The decision marks the third consecutive meeting at which the Bank of Namibia has held its repo rate steady, reflecting a cautious “wait-and-see” stance as policymakers monitor whether the conflict-driven shock to oil and shipping costs filters into domestic inflation and broader financial conditions.
Annual inflation slowed to 2.1% in March, down from 2.4% in February, the lowest reading since 2020, although the central bank expects inflation to rise again in coming months.
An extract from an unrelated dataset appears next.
(* Let $n\ge1$ and let $\mathrm{adj}\colon K\dashv N$ be the adjunction between $\mathrm{s}^n\mathcal S$ and $\mathbf{Rel}^n\mathbf{Cat}$. (i) For every $X\in\mathrm{s}^n\mathcal S$, the $n$-relative category $KX$ is completely determined by the $2$-skeleton $\mathrm{sk}_2X$ of $X$; that is, the inclusion $\mathrm{sk}_2X\to X$ induces an isomorphism $K(\mathrm{sk}_2X)\to KX$. (ii) For every $\mathcal C\in\mathbf{Rel}^n\mathbf{Cat}$, $N\mathcal C$ is completely determined by its $2$-skeleton and is its own $2$-coskeleton: for every $Y\in\mathrm{s}^n\mathcal S$, restriction gives a bijection between maps $Y\to N\mathcal C$ and maps $\mathrm{sk}_2Y\to\mathrm{sk}_2N\mathcal C$.
   Context: An $n$-relative category $\mathcal C=(a\mathcal C,v_1\mathcal C,\dots,v_n\mathcal C,w\mathcal C)$ consists of a category $a\mathcal C$ and subcategories $v_1\mathcal C,\dots,v_n\mathcal C,w\mathcal C\subset a\mathcal C$, each containing all objects, with $w\mathcal C\subset v_i\mathcal C$, such that every map of $a\mathcal C$ is a finite composite of maps in the $v_i\mathcal C$, and every relation in $a\mathcal C$ follows from commutativity of squares $y_2x_1=x_2y_1$ with $x_1,x_2\in v_i\mathcal C$, $y_1,y_2\in v_j\mathcal C$. $\mathbf{Rel}^n\mathbf{Cat}$ is the category of small $n$-relative categories and functors of ambient categories preserving $w$ and each $v_i$. For $p\ge0$, $\mathbf p$ is the poset $0\to\cdots\to p$ and $|\mathbf p|$ its discrete subcategory; $\mathbf p_n^{v_n}\times\cdots\times\mathbf p_1^{v_1}\times\mathbf q^w$ is the $n$-relative category with ambient category $\mathbf p_n\times\cdots\times\mathbf p_1\times\mathbf q$, $w=|\mathbf p_n|\times\cdots\times|\mathbf p_1|\times\mathbf q$, $v_i=|\mathbf p_n|\times\cdots\times\mathbf p_i\times\cdots\times|\mathbf p_1|\times\mathbf q$. $\mathrm{s}^n\mathcal S$ is the category of $(n+1)$-simplicial sets with multisimplices indexed by $(p_n,\dots,p_1,q)$; $\Delta[p_n,\dots,p_1,q]$ is the standard (representable) multisimplex. $N\mathcal C$ has as $(p_n,\dots,p_1,q)$-simplices the relative functors $\mathbf p_n^{v_n}\times\cdots\times\mathbf p_1^{v_1}\times\mathbf q^w\to\mathcal C$, and $K$ is its left adjoint, the colimit-preserving functor with $K\Delta[p_n,\dots,p_1,q]=\mathbf p_n^{v_n}\times\cdots\times\mathbf p_1^{v_1}\times\mathbf q^w$. A multisimplex of degree $(p_n,\dots,p_1,q)$ has total dimension $p_n+\cdots+p_1+q$; the $2$-skeleton $\mathrm{sk}_2X$ of $X$ is the smallest subobject of $X$ containing all multisimplices of total dimension $\le2$. *)

From mathcomp Require Import all_boot.
Set Implicit Arguments. Unset Strict Implicit. Unset Printing Implicit Defensive.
The latest data allows the Bank some near-term room to keep rates unchanged, but officials made clear that risks are moving in one direction.
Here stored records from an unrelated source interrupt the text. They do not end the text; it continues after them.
Lemma congF_catl w u v : congF k u v -> congF k (w ++ u) (w ++ v).
Proof.
move=> Huv; apply: (lcs_eqF _ Huv); rewrite winv_cat -catA.
exact/esym/eqF_cancel'.
Qed.

Lemma congF_catr w u v : congF k u v -> congF k (u ++ w) (v ++ w).
Proof. by move/(lcs_conj w k_gt0); rewrite /congF winv_cat /conj -!catA. Qed.

Lemma congF_cat u u' v v' :
  congF k u u' -> congF k v v' -> congF k (u ++ v) (u' ++ v').
Proof.
by move=> Hu Hv; apply: congF_trans (congF_catr v Hu) (congF_catl u' Hv).
Qed.

Lemma congF_winv u v : congF k u v -> congF k (winv u) (winv v).
Proof.
move=> Huv; have := congF_catr (winv v) (congF_catl (winv u) Huv).
rewrite -!catA => H; apply: congF_sym; apply: congF_trans (congF_trans _ H) _.
- by apply/congF_eqF/esym; exact: reduce_cancel'.
- by apply: congF_eqF; have := eqF_cancel (winv u) v [::]; rewrite !cats0.
Qed.

End CongruenceModLcs.

Lemma congF_central k c w : lcs k c -> congF k.+1 (c ++ w) (w ++ c).
Proof.
move/(lcs_comm w)/lcs_inv; rewrite winv_comm.
by rewrite /congF winv_cat /comm -!catA.
Qed.

Lemma congF_conj k c h : lcs k c -> congF k.+1 (conj c h) c.
Proof.
move/(congF_central h)/(congF_catl (winv h)) => H.
apply: congF_trans H _.
apply: congF_eqF; exact: reduce_cancel'.
Qed.

(* For b in F_n, the map g |-> [b,g] is a homomorphism from F to the abelian
   group F_(n+1)/F_(n+2); hence it kills commutators, i.e. [F_n, F_2] is
   contained in F_(n+2). *)
Section CommutatorMap.
Variables (n : nat) (b : word).
Hypothesis b_in : lcs n b.

Let comm_b_in g : lcs n.+1 (comm b g).
Proof. exact: lcs_comm. Qed.

Lemma comm_catr g h : congF n.+2 (comm b (g ++ h)) (comm b g ++ comm b h).
Proof.
have E : eqF (comm b (g ++ h)) (comm b h ++ conj (comm b g) h).
  rewrite /comm /conj winv_cat -!catA; do 2 apply: eqF_catl.
  by rewrite /eqF (eqF_cancel b) reduce_cancel.
apply: congF_trans (congF_eqF _ E) _.
apply: congF_trans (congF_central _ (comm_b_in h)).
exact/congF_catl/congF_conj.
Qed.

Lemma comm_winvr g : congF n.+2 (comm b (winv g)) (winv (comm b g)).
Proof.
set X := comm b (winv g); set Y := comm b g.
have XY1 : congF n.+2 (X ++ Y) [::].
  apply: congF_trans (congF_sym (comm_catr _ _)) (congF_eqF _ _).
  rewrite /eqF /comm winv_cat winvK -!catA (eqF_cancel' (winv b)).
  by rewrite reduce_cancel' -[winv g ++ g]cats0 -catA reduce_cancel'.
have := congF_catr (ltn0Sn _) (winv Y) XY1; rewrite -catA.
apply: congF_trans; apply: congF_eqF.
by have := eqF_cancel X Y [::]; rewrite !cats0 /eqF => ->.
Qed.

Lemma lcs_comm_comm u v : lcs n.+2 (comm b (comm u v)).
Proof.
have Hlin : congF n.+2 (comm b (comm u v))
    (comm (comm b u) (comm b v)).
  rewrite {1}/comm.
  apply: congF_trans (comm_catr _ _) _; apply: (congF_cat (ltn0Sn _) (comm_winvr u)).
  apply: congF_trans (comm_catr _ _) _; apply: (congF_cat (ltn0Sn _) (comm_winvr v)).
  exact: comm_catr.
have Hcomm : congF n.+2 [::] (comm (comm b u) (comm b v)).
  exact: lcs_comm (comm_b_in u).
exact: congF_trans Hcomm (congF_sym Hlin).
Qed.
“Risks to the domestic inflation outlook remain tilted to the upside, notably through potential increases in administered prices, exchange rate volatility, and the spillover effects of the prolonged war in the Middle East,” Governor Ebson Uanguta told a press conference after the decision.
Namibia’s government has already moved to cushion households and firms from fuel-driven price pressure, cutting fuel levies by 50% for at least three months through the end of June, in response to the global energy price surge triggered by the U.S.-Israeli war against Iran, Reuters reported.
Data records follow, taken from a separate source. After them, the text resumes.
(* Assume the Setting and consider Algorithm 1 with noisy data $y^\delta$ ($\|y^\delta-y\|\le\delta$, $\delta>0$), where $\tau>1$ and $\mu_0>0$ satisfy $c_0:=1-\frac{1+\eta}{\tau}-\eta-\frac{\mu_0}{4\sigma}>0$. Let $k\ge0$ be an integer such that $\|r_n^\delta\|>\tau\delta$ for all $0\le n<k$. Then $x_n^\delta\in B_{2\rho}(x_0)$ for all $0\le n\le k$, and for every solution $\hat x$ of $F(x)=y$ with $\hat x\in B_{2\rho}(x_0)\cap\mathrm{dom}(\mathcal R)$, setting $\Delta_n^\delta:=D_{\mathcal R}^{\xi_n^\delta}(\hat x,x_n^\delta)$, one has $\Delta_{n+1}^\delta\le\Delta_n^\delta-c_0\alpha_n^\delta\|r_n^\delta\|^2$ for all $0\le n<k$.
   Context: Setting. Let $X,Y$ be real Hilbert spaces. Let $\mathcal R:X\to(-\infty,\infty]$ be proper, lower semicontinuous and strongly convex with constant $\sigma>0$, i.e. $\mathcal R(t\bar x+(1-t)x)+\sigma t(1-t)\|\bar x-x\|^2\le t\mathcal R(\bar x)+(1-t)\mathcal R(x)$ for all $\bar x,x\in\mathrm{dom}(\mathcal R)$ and $t\in[0,1]$. For $\xi\in\partial\mathcal R(x)$ (subdifferential) the Bregman distance is $D_{\mathcal R}^{\xi}(z,x)=\mathcal R(z)-\mathcal R(x)-\langle\xi,z-x\rangle$. The convex conjugate $\mathcal R^*$ is differentiable with $\|\nabla\mathcal R^*(\bar\xi)-\nabla\mathcal R^*(\xi)\|\le\|\bar\xi-\xi\|/(2\sigma)$, and $\nabla\mathcal R^*(\xi)=\arg\min_{x\in X}\{\mathcal R(x)-\langle\xi,x\rangle\}$ (unique minimizer), with $\xi\in\partial\mathcal R(\nabla\mathcal R^*(\xi))$. Let $F:\mathrm{dom}(F)\subset X\to Y$ and $y\in Y$. Assume: (b) there are $\rho>0$, $x_0\in X$, $\xi_0\in\partial\mathcal R(x_0)$ with $B_{2\rho}(x_0):=\{x:\|x-x_0\|\le 2\rho\}\subset\mathrm{dom}(F)$, and $F(x)=y$ has a solution $\bar x$ with $D_{\mathcal R}^{\xi_0}(\bar x,x_0)\le\sigma\rho^2$; (c) $F$ is weakly closed: if $x_n\in\mathrm{dom}(F)$, $x_n\rightharpoonup x$ and $F(x_n)\to v$, then $x\in\mathrm{dom}(F)$ and $F(x)=v$; (d) there are bounded linear operators $L(x):X\to Y$, $x\in B_{2\rho}(x_0)$, with $x\mapsto L(x)$ continuous on $B_{2\rho}(x_0)$, a constant $\eta\in[0,1)$ with $\|F(x)-F(\bar x)-L(\bar x)(x-\bar x)\|\le\eta\|F(x)-F(\bar x)\|$ for all $x,\bar x\in B_{2\rho}(x_0)$, and a constant $L>0$ with $\|L(x)\|\le L$ on $B_{2\rho}(x_0)$. Under these assumptions $F(x)=y$ has a unique solution $x^\dagger\in\mathrm{dom}(F)$ minimizing $D_{\mathcal R}^{\xi_0}(x,x_0)$ over all solutions; it satisfies $\|x^\dagger-x_0\|\le\rho$. Algorithm 1 (noisy data $y^\delta$ with $\|y^\delta-y\|\le\delta$, $\delta>0$). Parameters: $\tau>1$, $\beta\in(0,\infty]$, $\mu_0>0$, $\mu_1>0$, and a fixed choice of one of two step-size rules: (constant) $\alpha_n^\delta=\mu_0/L^2$, or (adaptive) $\alpha_n^\delta=\min\{\mu_0\|r_n^\delta\|^2/\|g_n^\delta\|^2,\mu_1\}$ (with $\mu_0\|r_n^\delta\|^2/\|g_n^\delta\|^2:=+\infty$ if $g_n^\delta=0$). Set $\xi_{-1}^\delta=\xi_0^\delta=\xi_0$, $x_0^\delta=x_0=\nabla\mathcal R^*(\xi_0)$. For $n\ge0$: (i) $r_n^\delta:=F(x_n^\delta)-y^\delta$; if $\|r_n^\delta\|\le\tau\delta$, stop and output $x_n^\delta$ (the stopping index is denoted $n_\delta$). (ii) $g_n^\delta:=L(x_n^\delta)^*r_n^\delta$ and $\alpha_n^\delta$ by the chosen rule. (iii) $m_n^\delta:=\xi_n^\delta-\xi_{n-1}^\delta$; $\tilde\gamma_0^\delta:=0$ and for $n\ge1$, $\tilde\gamma_n^\delta:=\langle m_n^\delta,x_n^\delta-x_{n-1}^\delta\rangle-(1-\eta)\alpha_{n-1}^\delta\|r_{n-1}^\delta\|^2+(1+\eta)\alpha_{n-1}^\delta\delta\|r_{n-1}^\delta\|+\beta_{n-1}^\delta\tilde\gamma_{n-1}^\delta$. (iv) $\beta_n^\delta:=\min\{\max\{0,(\alpha_n^\delta\langle g_n^\delta,m_n^\delta\rangle-2\sigma\tilde\gamma_n^\delta)/\|m_n^\delta\|^2\},\beta\}$ if $m_n^\delta\ne0$, and $\beta_n^\delta:=0$ if $m_n^\delta=0$. (v) $\xi_{n+1}^\delta:=\xi_n^\delta-\alpha_n^\delta g_n^\delta+\beta_n^\delta m_n^\delta$, $x_{n+1}^\delta:=\nabla\mathcal R^*(\xi_{n+1}^\delta)$. *)

From HB Require Import structures.
From mathcomp Require Import all_boot all_order all_algebra.
From mathcomp Require Import all_classical all_reals all_analysis.
Set Implicit Arguments. Unset Strict Implicit. Unset Printing Implicit Defensive.
Import Order.TTheory GRing.Theory Num.Theory.
Import numFieldNormedType.Exports.
Local Open Scope classical_set_scope.
Local Open Scope ring_scope.

(* ip is an inner product on the normed space X inducing its norm.
   Together with X : completeNormedModType R this makes X a real Hilbert space. *)
Definition inner_product {R : realType} {X : normedModType R} (ip : X -> X -> R) :=
  [/\ (forall x y, ip x y = ip y x),
      (forall (a : R) x y z, ip (a *: x + y) z = a * ip x z + ip y z) &
      (forall x, ip x x = `|x| ^+ 2)].

Definition cball {R : realType} {X : normedModType R} (c : X) (r : R) : set X :=
  [set x | `|x - c| <= r].

Section ConvexAnalysis.
Context {R : realType} {X : normedModType R} (ip : X -> X -> R) (Rf : X -> \bar R).
Local Open Scope ereal_scope.

Definition domR : set X := [set x | Rf x < +oo].

Definition proper_fun : Prop := (exists x, Rf x < +oo) /\ (forall x, -oo < Rf x).

Definition strongly_convex (sigma : R) : Prop :=
  forall (xb x : X) (t : R), domR xb -> domR x -> (0 <= t <= 1)%R ->
    Rf (t *: xb + (1 - t) *: x)%R + (sigma * t * (1 - t) * `|(xb - x)%R| ^+ 2)%:E
    <= t%:E * Rf xb + (1 - t)%:E * Rf x.

Definition subdiff (x xi : X) : Prop :=
  Rf x \is a fin_num /\ forall z, Rf x + (ip xi (z - x)%R)%:E <= Rf z.

Definition bregman (xi z x : X) : \bar R := Rf z - Rf x - (ip xi (z - x)%R)%:E.

(* g xi is a minimizer of x |-> Rf x - <xi, x> for every xi
   (this characterizes grad R^* xi = argmin, the minimizer being unique) *)
Definition is_grad_conj (g : X -> X) : Prop :=
  forall xi z, Rf (g xi) - (ip xi (g xi))%:E <= Rf z - (ip xi z)%:E.

End ConvexAnalysis.

Inductive step_rule := ConstantStep | AdaptiveStep.

Record alg_state {X : Type} {R : Type} := AlgState
  { st_x : X ; st_xi : X ; st_xip : X ; st_gam : R }.

Section Algorithm1.
Context {R : realType} {X Y : normedModType R}.
Variables (ipX : X -> X -> R) (gradRs : X -> X) (F : X -> Y) (Lstar : X -> Y -> X)
  (Lc eta sigma : R) (beta : \bar R) (mu0 mu1 : R) (rule : step_rule)
  (delta : R) (ydelta : Y) (x0 xi0 : X).

Definition alg_alpha (r : Y) (g : X) : R :=
  match rule with
  | ConstantStep => mu0 / Lc ^+ 2
  | AdaptiveStep => if g == 0 then mu1
                    else Num.min (mu0 * `|r| ^+ 2 / `|g| ^+ 2) mu1
  end.

Definition alg_beta (a : R) (g m : X) (gam : R) : R :=
  if m == 0 then 0 else
  let q := Num.max 0 ((a * ipX g m - 2 * sigma * gam) / `|m| ^+ 2) in
  match beta with
  | EFin b => Num.min q b
  | _ => q   (* beta = +oo *)
  end.

(* one iteration: state n = (x_n, xi_n, xi_{n-1}, gamma~_n) *)
Definition alg_step (s : @alg_state X R) : @alg_state X R :=
  let x := st_x s in
  let xi := st_xi s in
  let r := F x - ydelta in
  let g := Lstar x r in
  let a := alg_alpha r g in
  let m := xi - st_xip s in
  let b := alg_beta a g m (st_gam s) in
  let xi' := xi - a *: g + b *: m in
  let x' := gradRs xi' in
  let gam' := ipX (xi' - xi) (x' - x) - (1 - eta) * a * `|r| ^+ 2
              + (1 + eta) * a * delta * `|r| + b * st_gam s in
  AlgState x' xi' xi gam'.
Even with the levy relief, the Bank raised its inflation forecast for 2026. It now expects inflation to average 3.7% this year, up from the 3.5% projection issued at its previous meeting in February. The revision underscores the central challenge facing many emerging and frontier central banks: inflation can remain subdued in headline terms, but external shocks, particularly energy and currency channels can quickly change the trajectory.
The growth picture is also deteriorating. Earlier this month, the Bank of Namibia lowered its growth forecasts for this year and next, citing weaker-than-expected performance in primary industries, especially metals and diamond mining, a key driver of export earnings and fiscal revenues.
For investors, the decision reinforces Namibia’s tight policy constraints. The country’s monetary policy typically mirrors South Africa’s because the Namibian dollar is pegged one-to-one with the rand and the two economies are closely linked. South Africa’s central bank last held its key rate at 6.75%, narrowing the scope for Namibia to break away even if domestic inflation appears benign.
That peg discipline is both protection and constraint. It anchors Namibia’s inflation expectations and limits extreme exchange-rate swings, but it also means the Bank must keep one eye on Johannesburg and global capital flows, particularly during periods of geopolitical stress when risk appetite can shift quickly.
The Iran war is now adding a new layer of complexity. If energy prices remain elevated, the inflation impulse is likely to arrive with a lag, transmitted through transport costs, electricity tariffs, and imported goods. The central bank’s signal is that it is not reacting prematurely, but it is positioning the market to expect a tougher stance if inflation pressures become more visible.